Supplied records START
Lemma integral_demand_dev k : (k < N)%N -> (\int[P]_t (demand_dev k t)%:E = 0)%E.
Proof.
case: k => [|k] kN; first by rewrite integral0.
have kN' := ltnW kN; have md := measurable_demand_dev kN'.
have int_w : P.-integrable setT (EFin \o (fun t => mu k + demand_dev k.+1 t)).
  apply: (@integrable_bounded _ (`|mu k| + Delta)) => [|t].
    exact: measurable_funD (measurable_cst _) md.
  by rewrite (le_trans (ler_normD _ _)) // lerD2l demand_dev_bound.
have int_mu : P.-integrable setT (EFin \o (fun _ : T => mu k)).
  by apply: (@integrable_bounded _ `|mu k|) => //; exact: measurable_cst.
transitivity (\int[P]_t ((mu k + demand_dev k.+1 t)%:E - (mu k)%:E))%E.
  by apply: eq_integral => t _; rewrite -EFinB addrC addKr.
rewrite integralB_EFin // integral_cst_probability.
have -> : (\int[P]_t (mu k + demand_dev k.+1 t)%:E = \int[P]_t (w k t)%:E)%E.
  apply: ae_eq_integral => //.
  - exact/measurable_EFinP/(measurable_funD (measurable_cst _) md).
  - exact/measurable_EFinP/w_measurable.
  - apply: filterS ae_demands_in_support => t wt _.
    by rewrite demand_dev_in_support // addrC subrK.
have -> : (\int[P]_t (w k t)%:E = (mu k)%:E)%E.
  by rewrite -(w_mean kN') expectation.unlock.
by rewrite subee.
Qed.

Lemma integral_demand_dev_sqr k : (k < N)%N ->
  (\int[P]_t (demand_dev k t ^+ 2)%:E = (dev_var k)%:E)%E.
Proof.
case: k => [|k] kN.
  by rewrite (eq_integral (fun _ => 0%E)) ?integral0 // => t _; rewrite expr0n.
have kN' := ltnW kN; have := w_var kN'.
rewrite /variance covariance.unlock w_mean // /= expectation.unlock => <-.
apply: ae_eq_integral => //.
- by apply/measurable_EFinP/measurable_funX; exact: measurable_demand_dev kN'.
- apply/measurable_EFinP; apply: measurable_funM;
    by apply: measurable_funB; [exact: w_measurable | exact: measurable_cst].
- apply: filterS ae_demands_in_support => t wt _.
  by rewrite -/(demand_dev k.+1 t) demand_dev_in_support // expr2.
Qed.

Section QuadAtOrder.
Variables (k : nat) (a M g0 g1 K : R).
Hypothesis kN : (k < N)%N.
(* A real symmetric tensor $S\in\mathbb{R}^{n\times n\times n}$ of order 3 belongs to $\mathrm{OW}_n(\mathbb{R})$ if and only if its slices $S_1,\dots,S_n$ pairwise commute. In particular, the set of real symmetric tensors of order 3 and size $n$ admitting an orthogonal Waring decomposition is the zero set of a system of $n^2(n-1)^2/4$ polynomial equations of degree 2 in the $\binom{n+2}{3}$ independent entries of the tensor.
   Context: For a symmetric tensor $S$ (invariant under all permutations of its three indices), its $k$-th slice is the symmetric matrix $S_k=(S_{ijk})_{1\le i,j\le n}$. Identify $S$ with the cubic form $f(x)=\sum_{i,j,k}S_{ijk}x_ix_jx_k$. $\mathrm{OW}_n(\mathbb{R})$ is the set of cubic forms $f\in\mathbb{R}[x_1,\dots,x_n]_3$ that can be written $f(x)=g(Ax)$ where $A$ is a real orthogonal matrix ($A^TA=\mathrm{Id}$) and $g=\alpha_1x_1^3+\cdots+\alpha_nx_n^3$ with $\alpha_i\in\mathbb{R}$. *)

(* Real numbers are modelled by an arbitrary real closed
   field R : rcfType (the statement is purely algebraic). *)
From HB Require Import structures.
From mathcomp Require Import all_boot all_order all_algebra.
Set Implicit Arguments. Unset Strict Implicit. Unset Printing Implicit Defensive.
Import Order.TTheory GRing.Theory Num.Theory.
Local Open Scope ring_scope.

Definition tensor3 (R : Type) (n : nat) := 'I_n -> 'I_n -> 'I_n -> R.
End Green.

(** * Uniqueness of bounded solutions *)

Section MaximumPrinciple.

Variables (d : nat) (alpha beta T : R) (b : Cond) (w : pt -> R).
Hypotheses (HT : 0 < T) (Hab : 0 < alpha <= beta) (Hb : conductivity d alpha beta b).
Hypothesis Hw : forall x, lattice d x -> / T * w x - div_flux d b (fun _ => 0) w x = 0.

Lemma div_flux_zero_expand x : div_flux d b (fun _ => 0) w x
  = sumd d (fun j => b x (shift x j) * w (shift x j) + b (unshift x j) x * w (unshift x j))
    - sumd d (fun j => b x (shift x j) + b (unshift x j) x) * w x.
Proof.
  unfold div_flux; rewrite !sumd_lsum, <- lsum_scal_r, <- lsum_minus.
  apply lsum_ext_in; intros j _; unfold grad; rewrite shift_unshift; ring.
Qed.

(* One step of the maximum principle: the mass term [/ T] contracts the sup norm. *)
Lemma max_principle_step x K : lattice d x -> (forall y, lattice d y -> Rabs (w y) <= K) ->
  Rabs (w x) <= INR d * (2 * beta) / (/ T + INR d * (2 * beta)) * K.
Proof.
  intros Hx HK; pose proof (Hw x Hx) as Hwx; rewrite div_flux_zero_expand in Hwx.
  set (S := sumd d (fun j => b x (shift x j) + b (unshift x j) x)).
  set (Y := sumd d (fun j => b x (shift x j) * w (shift x j)
                             + b (unshift x j) x * w (unshift x j))).
  set (B := INR d * (2 * beta)).
  assert (Hbj : forall j, (j < d)%nat ->
             0 <= b x (shift x j) <= beta /\ 0 <= b (unshift x j) x <= beta).
  { intros j Hj; pose proof (proj1 (cond_edge d alpha beta b Hb x j Hx Hj)).
    pose proof (cond_edge_back d alpha beta b Hb x j Hx Hj); lra. }
  assert (HS : 0 <= S <= B).
  { unfold B; rewrite <- (Rmult_0_r (INR d)), <- !sumd_const.
    split; apply sumd_le; intros j Hj; specialize (Hbj j Hj); lra. }
  assert (HY : Rabs Y <= S * K).
  { unfold Y, S; rewrite !sumd_lsum, <- lsum_scal_r.
    eapply Rle_trans; [apply lsum_abs|]; apply lsum_le; intros j Hj; apply in_seq in Hj.
    destruct (Hbj j ltac:(lia)).
    pose proof (HK _ (lattice_shift _ _ j Hx)); pose proof (HK _ (lattice_unshift _ _ j Hx)).
    eapply Rle_trans; [apply Rabs_triang|].
    rewrite !Rabs_mult, (Rabs_pos_eq (b x _)), (Rabs_pos_eq (b _ x)) by lra; nra. }
  pose proof (Rinv_0_lt_compat T HT); pose proof (HK x Hx); pose proof (Rabs_pos (w x)).
  assert (Hwx' : (/ T + S) * Rabs (w x) <= S * K).
  { assert (E : (/ T + S) * w x = Y) by (unfold S, Y; lra).
    rewrite <- (Rabs_pos_eq (/ T + S)), <- Rabs_mult, E by lra; exact HY. }
  assert ((B - S) * Rabs (w x) <= (B - S) * K) by (apply Rmult_le_compat_l; lra).
  apply (Rmult_le_reg_l (/ T + B)); [lra|].
  replace ((/ T + B) * (B / (/ T + B) * K)) with (B * K) by (field; nra); nra.
Qed.

Lemma bounded_solution_zero : bounded d w ->
  forall x, lattice d x -> w x = 0.
Proof.
  intros [M HM].
  set (B := INR d * (2 * beta)); set (k := B / (/ T + B)).
  assert (HB : 0 <= B) by (unfold B; pose proof (pos_INR d); nra).
  pose proof (Rinv_0_lt_compat T HT).
  assert (Hk : 0 <= k < 1).
  { unfold k; split; [apply Rdiv_le_0_compat; lra|].
    apply (Rmult_lt_reg_r (/ T + B)); [lra|].
    unfold Rdiv; rewrite Rmult_assoc, Rinv_l, Rmult_1_r by lra; lra. }
  assert (Hn : forall n x, lattice d x -> Rabs (w x) <= k ^ n * M).
  { induction n as [|n IH]; intros x Hx; [simpl; rewrite Rmult_1_l; auto|].
    eapply Rle_trans; [apply (max_principle_step x (k ^ n * M) Hx IH)|].
    fold B k; simpl; lra. }
  assert (Hlim : is_lim_seq (fun n => k ^ n * M) 0).
  { replace (Finite 0) with (Rbar_mult 0 M) by (simpl; f_equal; ring).
    apply is_lim_seq_scal_r, is_lim_seq_geom; rewrite Rabs_pos_eq; lra. }
  intros x Hx; apply Rabs_eq_0, Rle_antisym; [|apply Rabs_pos].
  exact (is_lim_seq_eventually_ge _ _ _ 0 Hlim (fun n _ => Hn n x Hx)).
Qed.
Supplied records END
§ **What is expected**:
I'd like an exact copy of the lines above, from the very first one through the line that contains "have int_w : P.-integrable", with nothing else added.

§ **Answer section**:
Lemma integral_demand_dev k : (k < N)%N -> (\int[P]_t (demand_dev k t)%:E = 0)%E.
Proof.
case: k => [|k] kN; first by rewrite integral0.
have kN' := ltnW kN; have md := measurable_demand_dev kN'.
have int_w : P.-integrable setT (EFin \o (fun t => mu k + demand_dev k.+1 t)).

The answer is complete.